GIVEN DATA:
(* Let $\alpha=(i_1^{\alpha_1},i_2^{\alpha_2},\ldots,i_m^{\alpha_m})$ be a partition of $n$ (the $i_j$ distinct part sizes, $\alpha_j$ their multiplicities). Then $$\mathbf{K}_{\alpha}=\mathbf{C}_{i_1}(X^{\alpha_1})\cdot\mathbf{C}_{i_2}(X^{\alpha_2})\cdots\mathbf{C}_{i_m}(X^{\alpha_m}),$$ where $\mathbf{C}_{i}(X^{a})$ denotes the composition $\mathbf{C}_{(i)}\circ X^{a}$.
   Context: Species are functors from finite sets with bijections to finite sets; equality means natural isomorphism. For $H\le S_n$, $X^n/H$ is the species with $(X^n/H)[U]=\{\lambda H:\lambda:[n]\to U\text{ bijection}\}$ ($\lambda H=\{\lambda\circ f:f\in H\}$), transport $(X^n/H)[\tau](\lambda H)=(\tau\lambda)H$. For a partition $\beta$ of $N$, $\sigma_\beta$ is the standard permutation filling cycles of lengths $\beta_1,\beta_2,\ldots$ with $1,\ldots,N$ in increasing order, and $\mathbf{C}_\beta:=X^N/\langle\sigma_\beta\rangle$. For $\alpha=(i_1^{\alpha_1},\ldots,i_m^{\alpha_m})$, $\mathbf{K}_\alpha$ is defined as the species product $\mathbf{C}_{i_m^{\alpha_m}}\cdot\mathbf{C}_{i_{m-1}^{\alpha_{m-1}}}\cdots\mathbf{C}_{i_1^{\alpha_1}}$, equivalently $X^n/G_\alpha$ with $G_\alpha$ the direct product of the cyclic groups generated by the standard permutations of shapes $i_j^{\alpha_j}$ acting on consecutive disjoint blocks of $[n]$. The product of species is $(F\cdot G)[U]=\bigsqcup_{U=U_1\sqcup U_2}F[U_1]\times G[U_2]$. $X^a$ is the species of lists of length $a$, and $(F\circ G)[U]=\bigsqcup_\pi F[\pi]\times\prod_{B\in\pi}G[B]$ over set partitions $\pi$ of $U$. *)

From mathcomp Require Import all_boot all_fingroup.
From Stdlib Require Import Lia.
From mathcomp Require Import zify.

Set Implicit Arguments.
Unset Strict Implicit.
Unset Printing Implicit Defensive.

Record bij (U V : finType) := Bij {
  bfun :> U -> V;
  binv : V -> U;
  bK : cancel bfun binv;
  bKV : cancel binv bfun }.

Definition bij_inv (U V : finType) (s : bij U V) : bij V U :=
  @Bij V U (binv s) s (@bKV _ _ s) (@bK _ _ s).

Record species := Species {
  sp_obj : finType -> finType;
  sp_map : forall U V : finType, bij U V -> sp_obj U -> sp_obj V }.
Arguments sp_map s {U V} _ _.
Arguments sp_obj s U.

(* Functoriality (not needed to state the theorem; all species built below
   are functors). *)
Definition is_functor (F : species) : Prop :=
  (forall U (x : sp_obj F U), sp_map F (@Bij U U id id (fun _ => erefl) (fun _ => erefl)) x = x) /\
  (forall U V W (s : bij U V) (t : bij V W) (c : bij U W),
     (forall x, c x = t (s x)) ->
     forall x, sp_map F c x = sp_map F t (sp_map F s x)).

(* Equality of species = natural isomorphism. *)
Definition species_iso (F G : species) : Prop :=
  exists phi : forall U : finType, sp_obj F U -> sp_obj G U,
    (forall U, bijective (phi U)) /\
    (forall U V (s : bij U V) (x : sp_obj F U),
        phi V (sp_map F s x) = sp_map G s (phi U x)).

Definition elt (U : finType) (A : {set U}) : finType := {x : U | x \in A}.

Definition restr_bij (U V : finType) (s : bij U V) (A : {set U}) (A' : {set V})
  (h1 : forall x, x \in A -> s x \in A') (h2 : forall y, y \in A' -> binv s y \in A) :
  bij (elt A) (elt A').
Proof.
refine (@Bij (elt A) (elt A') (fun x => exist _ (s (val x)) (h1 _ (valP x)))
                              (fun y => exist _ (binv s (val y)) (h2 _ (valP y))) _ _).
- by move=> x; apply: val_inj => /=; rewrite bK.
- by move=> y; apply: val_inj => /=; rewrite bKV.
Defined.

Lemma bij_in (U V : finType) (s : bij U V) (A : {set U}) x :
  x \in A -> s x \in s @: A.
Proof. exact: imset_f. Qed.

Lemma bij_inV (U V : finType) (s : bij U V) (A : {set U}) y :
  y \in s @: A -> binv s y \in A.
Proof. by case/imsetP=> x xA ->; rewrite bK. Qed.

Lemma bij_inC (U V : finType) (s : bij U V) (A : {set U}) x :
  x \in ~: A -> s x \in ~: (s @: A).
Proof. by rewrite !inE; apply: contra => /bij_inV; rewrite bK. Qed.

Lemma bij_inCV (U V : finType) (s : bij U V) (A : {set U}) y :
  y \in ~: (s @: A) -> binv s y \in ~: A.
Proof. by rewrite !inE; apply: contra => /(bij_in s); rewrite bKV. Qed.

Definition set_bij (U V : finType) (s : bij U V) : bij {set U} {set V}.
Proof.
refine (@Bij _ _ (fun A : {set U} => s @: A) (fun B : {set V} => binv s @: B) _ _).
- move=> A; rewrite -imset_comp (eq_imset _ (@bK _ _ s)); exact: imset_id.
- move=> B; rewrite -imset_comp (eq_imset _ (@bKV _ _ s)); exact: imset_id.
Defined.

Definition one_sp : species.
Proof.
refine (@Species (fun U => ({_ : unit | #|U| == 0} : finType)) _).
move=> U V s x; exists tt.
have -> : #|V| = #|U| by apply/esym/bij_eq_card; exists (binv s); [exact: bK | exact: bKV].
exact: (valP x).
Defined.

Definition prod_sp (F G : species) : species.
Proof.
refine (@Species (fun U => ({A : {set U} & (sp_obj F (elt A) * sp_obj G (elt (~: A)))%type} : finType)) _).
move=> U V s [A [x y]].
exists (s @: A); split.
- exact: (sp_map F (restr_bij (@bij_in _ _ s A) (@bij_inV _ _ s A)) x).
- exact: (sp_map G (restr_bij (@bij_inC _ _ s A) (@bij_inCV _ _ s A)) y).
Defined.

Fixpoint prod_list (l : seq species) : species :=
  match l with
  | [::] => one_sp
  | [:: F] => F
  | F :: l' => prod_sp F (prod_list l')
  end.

ACTIVITY:
Check each line of the records for the word "Definition", and show the lines that contain it.

TASK SOLUTION:
Definition bij_inv (U V : finType) (s : bij U V) : bij V U :=
Definition is_functor (F : species) : Prop :=
Definition species_iso (F G : species) : Prop :=
Definition elt (U : finType) (A : {set U}) : finType := {x : U | x \in A}.
Definition restr_bij (U V : finType) (s : bij U V) (A : {set U}) (A' : {set V})
Definition set_bij (U V : finType) (s : bij U V) : bij {set U} {set V}.
Definition one_sp : species.
Definition prod_sp (F G : species) : species.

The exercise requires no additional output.